Por Daniel Agapito
Fotos: Andre Santos
Um dos pioneiros do “djent”, movimento que mescla o metalcore com o metal progressivo, o TesseracT, originalmente formado em 2003, tem sido uma das poucas bandas do estilo com uma certa base de fãs fieis aqui no Brasil. Por aqui, aliás, os fãs tiveram que esperar bastante tempo para vê-los ao vivo, como contou o vocalista Daniel Tompkins em entrevista ao repórter Daniel Dutra para a ROADIE CREW: “Passamos três anos tentando tocar na América do Sul, mas tudo ficou muito difícil com a pandemia da Covid-19, e ficamos um pouco preocupados com o depois, porque todo mundo ia querer tocar na América do Sul ao mesmo tempo”. Desde sua última passagem pelo país, no início de 2023, os britânicos lançaram War of Being, seu aclamado 5º álbum de estúdio, um ambicioso trabalho conceitual que aborda a árdua busca pelo autoperdão.
Desta vez, o TesseracT faria dois shows no país, ambos na capital paulista. O primeiro, no sábado, dia 14, no Carioca Club, casa com capacidade para cerca de 1.200 pessoas, apresentaria um repertório “eletrizante”, “com muitas músicas pesadas… que os fãs vão adorar”, segundo o vocalista.
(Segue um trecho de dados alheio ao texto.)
Lemma inner_GL_eq0 x : ip x x = 0 -> x = 0.
Proof.
move=> xx_eq0; apply: inner_GL_nondegenerate => y.
have [//|xy_neq0] := eqVneq (ip x y) 0.
(* [t |-> ip (t x + y) (t x + y)] is affine and nonnegative, so its slope
   [2 ip x y] vanishes. *)
pose t := - (ip y y + 1) / (2 * ip x y).
have := inner_GL_ge0 (t *: x + 1 *: y).
rewrite inner_GL_sqr_lincomb xx_eq0.
have -> : 2 * t * 1 * ip x y = - (ip y y + 1) by rewrite /t; field.
by rewrite expr1n mul1r; lra.
Qed.

Lemma gram_unit : gram \in unitmx.
Proof.
rewrite -row_free_unit -kermx_eq0; apply/eqP/row_matrixP => i.
rewrite row0; apply: inner_GL_nondegenerate => x.
by rewrite inner_GL_gram -row_mul mulmx_ker row0 dotE0l.
Qed.

Definition riesz e : 'rV[R]_n := e *m invmx gram.

Lemma mulmx_riesz e : riesz e *m gram = e.
Proof. exact: (mulmxKV gram_unit). Qed.

Lemma riesz_mulmx v : riesz (v *m gram) = v.
Proof. exact: (mulmxK gram_unit). Qed.

Lemma riesz_sum (I : Type) (r : seq I) (P : pred I) (F : I -> 'rV[R]_n) :
  riesz (\sum_(i <- r | P i) F i) = \sum_(i <- r | P i) riesz (F i).
Proof. exact: mulmx_suml. Qed.

Lemma inner_GL_riesz e x : ip (riesz e) x = dotE e x.
Proof. by rewrite inner_GL_gram mulmx_riesz. Qed.

Lemma dotE_riesz_sym x y : dotE x (riesz y) = dotE y (riesz x).
Proof. by rewrite -inner_GL_riesz inner_GLC inner_GL_riesz. Qed.

Lemma effect_riesz_cone e : effects Om e -> cone Om (riesz e).
Proof.
move=> e_eff; apply/cone_dualP => _ [l [w [l_ge0 [w_Om ->]]]].
by rewrite inner_GLC inner_GL_riesz dotEZr mulr_ge0 //; case/andP: (e_eff w w_Om).
Qed.

Lemma effect_riesz_decomp e : effects Om e ->
  exists l w, [/\ 0 <= l, Om w, riesz e = l *: w & dotE u (riesz e) = l].
Proof.
move=> /effect_riesz_cone [l [w [l_ge0 [w_Om e_eq]]]].
by exists l, w; rewrite e_eq dotEZr u_unit // mulr1.
Qed.

Hypothesis Om_neq0 : Om !=set0.

Lemma unit_riesz_gt0 : 0 < dotE u (riesz u).
Proof.
rewrite -inner_GL_riesz lt_neqAle inner_GL_ge0 andbT eq_sym.
apply/eqP => /inner_GL_eq0 riesz_u0; have [w w_Om] := Om_neq0.
have := u_unit w_Om.
by rewrite -(mulmx_riesz u) riesz_u0 mul0mx dotE0l => /eqP; rewrite eq_sym oner_eq0.
Qed.

Lemma exists_inner_GL_max : exists2 x0, Om x0 & forall y, Om y -> ip y y <= ip x0 x0.
Proof.
have ip_cont : {within Om, continuous (fun x => ip x x)}.
  apply: continuous_subspaceT; rewrite (funext (fun x => inner_GL_gram x x)).
  exact: continuous_quadratic_form.
have [x0 /[!in_setE] x0_Om x0_max] := EVT_max_rV Om_neq0 Om_ss.1 ip_cont.
by exists x0 => // y y_Om; apply: x0_max; rewrite in_setE.
Qed.

Lemma inner_GL_sqr_conv (t : R) y z :
  ip (t *: y + (1 - t) *: z) (t *: y + (1 - t) *: z) =
  t * ip y y + (1 - t) * ip z z - t * (1 - t) * ip (y - z) (y - z).
Proof.
have -> : y - z = 1 *: y + (-1) *: z by rewrite scale1r scaleN1r.
by rewrite !inner_GL_sqr_lincomb; ring.
Qed.

Lemma inner_GL_argmax_extreme x0 : Om x0 ->
  (forall y, Om y -> ip y y <= ip x0 x0) -> extreme_point Om x0.
Proof.
move=> x0_Om x0_max; split=> // y z t y_Om z_Om /andP[t_gt0 t_lt1] x0_eq.
have t1_gt0 : 0 < 1 - t by rewrite subr_gt0.
have t1t_gt0 : 0 < t * (1 - t) by rewrite mulr_gt0.
have yz_le0 : t * (1 - t) * ip (y - z) (y - z) <= 0.
  have := inner_GL_sqr_conv t y z; rewrite -x0_eq.
  have := ler_wpM2l (ltW t_gt0) (x0_max y y_Om).
  have := ler_wpM2l (ltW t1_gt0) (x0_max z z_Om).
  lra.
have /inner_GL_eq0 /eqP : ip (y - z) (y - z) = 0.
  by apply/eqP; rewrite eq_le inner_GL_ge0 andbT -(pmulr_rle0 _ t1t_gt0).
rewrite subr_eq0 => /eqP z_eq; rewrite -z_eq in x0_eq *.
by rewrite x0_eq -scalerDl subrKC scale1r.
Qed.

Hypothesis Om_transitive : transitive_ss Om.

Lemma extreme_inner_GL_max w y : extreme_point Om w -> Om y -> ip y y <= ip w w.
Proof.
move=> w_ext y_Om; have [x0 x0_Om x0_max] := exists_inner_GL_max.
have [T [T_GL <-]] :=
  Om_transitive (inner_GL_argmax_extreme x0_Om x0_max) w_ext.
by rewrite inner_GL_invariant //; apply: x0_max.
Qed.

Lemma extreme_inner_GL_le w x : extreme_point Om w -> Om x -> ip w x <= ip w w.
Proof.
move=> w_ext x_Om; have := inner_GL_ge0 (1 *: w + (-1) *: x).
rewrite inner_GL_sqr_lincomb; have := extreme_inner_GL_max w_ext x_Om; lra.
Qed.

Lemma riesz_scale (c : R) e : riesz (c *: e) = c *: riesz e.
Proof. by rewrite /riesz -scalemxAl. Qed.

Lemma indecomposable_riesz_extreme e l w : indecomposable Om e ->
  0 < l -> Om w -> riesz e = l *: w -> extreme_point Om w.
Proof.
move=> [e_eff [_ e_indec]] l_gt0 w_Om e_eq.
split=> // y z s y_Om z_Om /andP[s_gt0 s_lt1] w_eq.
pose part (c : R) v := c *: (v *m gram).
have part_ge0 c v : 0 <= c -> Om v -> forall x, Om x -> 0 <= dotE (part c v) x.
  move=> c_ge0 v_Om x x_Om; rewrite dotEZl -inner_GL_gram mulr_ge0 //.
  exact: inner_GL_states_ge0.
have e_sum : e = part (l * s) y + part (l * (1 - s)) z.
  by rewrite -(mulmx_riesz e) e_eq w_eq scalerDr !scalerA mulmxDl -!scalemxAl.
have s1_gt0 : 0 < 1 - s by rewrite subr_gt0.
have [y_eff z_eff] := effects_summands e_eff e_sum
  (part_ge0 _ _ (mulr_ge0 (ltW l_gt0) (ltW s_gt0)) y_Om)
  (part_ge0 _ _ (mulr_ge0 (ltW l_gt0) (ltW s1_gt0)) z_Om).
have [[c1 y_part] [c2 z_part]] := e_indec _ _ y_eff z_eff e_sum.
have riesz_part c v c' : part c v = c' *: e -> c *: v = (c' * l) *: w.
  by move=> /(congr1 riesz); rewrite !riesz_scale riesz_mulmx e_eq scalerA.
split.
  exact: scaled_states_eq u_unit y_Om w_Om (mulr_gt0 l_gt0 s_gt0)
    (riesz_part _ _ _ y_part).
exact: scaled_states_eq u_unit z_Om w_Om (mulr_gt0 l_gt0 s1_gt0)
  (riesz_part _ _ _ z_part).
Qed.

Lemma pure_indecomposable_riesz e : pure_effect Om e -> indecomposable Om e ->
  exists l w, [/\ 0 < l, Om w, riesz e = l *: w & dotE e w = 1].
Proof.
move=> e_pure e_indec; have [e_eff [e_neq0 _]] := e_indec.
have [l [w [l_ge0 w_Om e_eq _]]] := effect_riesz_decomp e_eff.
have l_gt0 : 0 < l.
  rewrite lt_neqAle l_ge0 andbT eq_sym; apply: contra e_neq0 => /eqP l_eq0.
  by rewrite -(mulmx_riesz e) e_eq l_eq0 scale0r mul0mx.
have w_ext := indecomposable_riesz_extreme e_indec l_gt0 w_Om e_eq.
have e_val x : dotE e x = l * ip w x.
  by rewrite -inner_GL_riesz e_eq !inner_GL_gram -scalemxAl dotEZl.
have ew_gt0 : 0 < dotE e w.
  rewrite e_val mulr_gt0 // lt_neqAle inner_GL_ge0 andbT eq_sym.
  by apply/eqP => /inner_GL_eq0 w_eq0; apply: state_neq0; rewrite -w_eq0.
exists l, w; split=> //; apply/eqP; rewrite eq_le.
have /andP[_ -> /=] := e_eff w w_Om.
apply: pure_effect_bound_ge1 e_pure e_neq0 ew_gt0 _ => x x_Om.
rewrite !e_val ler_wpM2l ?(ltW l_gt0) //; exact: extreme_inner_GL_le.
Qed.

Lemma ideal_observable_riesz (A : finType) (f : A -> 'rV[R]_n) :
  ideal_observable Om u f -> forall a, dotE (f a) (riesz (f a)) = dotE u (riesz (f a)).
Proof.
move=> [[f_eff _] f_ideal] a; have [k [e [I [e_pi fa_eq]]]] := f_ideal a.
have sumI_ge1 i w : i \in I -> Om w -> dotE (e i) w = 1 ->
    1 <= \sum_(j in I) dotE (e j) w.
  move=> iI w_Om ei_w; rewrite (bigD1 i) //= ei_w lerDl.
  by apply: sumr_ge0 => j _; case/andP: ((e_pi j).1.1 w w_Om).
apply/eqP; rewrite -subr_eq0 -dotEBl; apply/eqP.
case: fa_eq => fa_eq.
  rewrite {2}fa_eq riesz_sum dotE_sumr; apply: big1 => i iI.
  have [l [w [_ w_Om -> ei_w]]] := pure_indecomposable_riesz (e_pi i).1 (e_pi i).2.
  suff fa_w : dotE (f a) w = 1 by rewrite dotEZr dotEBl fa_w u_unit // subrr mulr0.
  apply/eqP; rewrite eq_le; have /andP[_ -> /=] := f_eff a w w_Om.
  by rewrite fa_eq dotE_suml (sumI_ge1 i).
have -> : f a - u = - \sum_(i in I) e i by rewrite fa_eq addrAC subrr add0r.
rewrite dotENl dotE_suml big1 ?oppr0 // => i iI; rewrite dotE_riesz_sym.
have [l [w [_ w_Om -> ei_w]]] := pure_indecomposable_riesz (e_pi i).1 (e_pi i).2.
suff fa_w : dotE (f a) w = 0 by rewrite dotEZr fa_w mulr0.
apply/eqP; rewrite eq_le; have /andP[-> _] := f_eff a w w_Om.
by rewrite fa_eq dotEBl u_unit // dotE_suml subr_le0 (sumI_ge1 i).
Qed.

Lemma effect_riesz_ge0 e e' : effects Om e -> effects Om e' -> 0 <= dotE e (riesz e').
Proof.
move=> e_eff /effect_riesz_decomp[l [w [l_ge0 w_Om -> _]]].
by rewrite dotEZr mulr_ge0 //; case/andP: (e_eff w w_Om).
Qed.

Lemma werner_D_riesz_bound (A : finType) (d : A -> A -> R) (f ft : A -> 'rV[R]_n)
    (r : R) (a' : A) :
  metric d -> ideal_observable Om u f -> (werner_D Om d ft f <= r%:E)%E ->
  \sum_a d a a' * dotE (ft a) (riesz (f a')) <= dotE u (riesz (f a')) * r.
Proof.
move=> d_metric f_ideal D_le; have [[f_eff [f_sum _]] _] := f_ideal.
have [l [w [l_ge0 w_Om fa'_eq u_fa']]] := effect_riesz_decomp (f_eff a').
rewrite u_fa' fa'_eq; under eq_bigr => a _ do rewrite dotEZr mulrCA.
rewrite -mulr_sumr; have [->|l_neq0] := eqVneq l 0; first by rewrite !mul0r.
apply: (ler_wpM2l l_ge0).
have fa'_w : dotE (f a') w = 1.
  have := ideal_observable_riesz f_ideal a'.
  rewrite fa'_eq !dotEZr u_unit // mulr1 => fa'_l.
  by apply: (mulfI l_neq0); rewrite fa'_l mulr1.
rewrite -lee_fin; apply: le_trans D_le.
exact: werner_D_ge_dist d_metric f_eff f_sum u_unit w_Om fa'_w.
Qed.

Lemma marginal_error_bound (A J : finType) (d : A -> A -> R) (f : A -> 'rV[R]_n)
    (m : J -> 'rV[R]_n) (pi : J -> A) (l : J -> R) (w : J -> 'rV[R]_n) :
  metric d -> ideal_observable Om u f -> observable Om u m ->
  (forall p, riesz (m p) = l p *: w p) -> \sum_p l p = dotE u (riesz u) ->
  exists D, [/\ 0 <= D, (D%:E <= werner_D Om d (marginal pi m) f)%E &
    \sum_p l p * \sum_a' d a' (pi p) * dotE (f a') (w p) <= (\sum_p l p) * D].
Proof.
move=> d_metric f_ideal [m_eff _] m_eq l_sum; have [[f_eff [f_sum _]] _] := f_ideal.
rewrite l_sum -(sum_dotE_decomp _ _ m_eq).
set X := \sum_p _.
have X_ge0 : 0 <= X.
  apply: sumr_ge0 => p _; apply: sumr_ge0 => a' _.
  by rewrite mulr_ge0 ?effect_riesz_ge0 //; case: d_metric.
have X_le r : (werner_D Om d (marginal pi m) f <= r%:E)%E -> X <= dotE u (riesz u) * r.
  move=> D_le; rewrite /X exchange_big /= -[in riesz u]f_sum riesz_sum.
  rewrite dotE_sumr mulr_suml.
  apply: ler_sum => a' _; have [_ [_ [d_sym _]]] := d_metric.
  under eq_bigr => p _ do rewrite dotE_riesz_sym d_sym.
  rewrite -(sum_marginal pi m (fun a => d a a')).
  exact: werner_D_riesz_bound.
have := werner_D_ge0 (marginal pi m) f d_metric Om_neq0.
case W: werner_D => [r| |] // r_ge0.
  by exists r; split; [rewrite -lee_fin | | apply: X_le; rewrite W].
have U_gt0 := unit_riesz_gt0.
exists (X / dotE u (riesz u)); split; first by rewrite divr_ge0 // ltW.
  by rewrite leey.
by rewrite mulrC divfK // gt_eqF.
Qed.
Já o segundo show, no domingo, dia 15, seria dedicado à execução do primeiro EP da banda, Concealing Fate, lançado em 2010, na íntegra. Sobre essa segunda data, Tompkins comentou: “Será uma noite realmente especial e excelente para nós, porque faremos algo que há muito tempo não fazemos, que é revisitar o nosso primeiro trabalho, e para os fãs, que serão testemunhas disso e também ouvirão músicas do novo álbum. Será como mostrar a nossa história do início ao fim, por assim dizer.”.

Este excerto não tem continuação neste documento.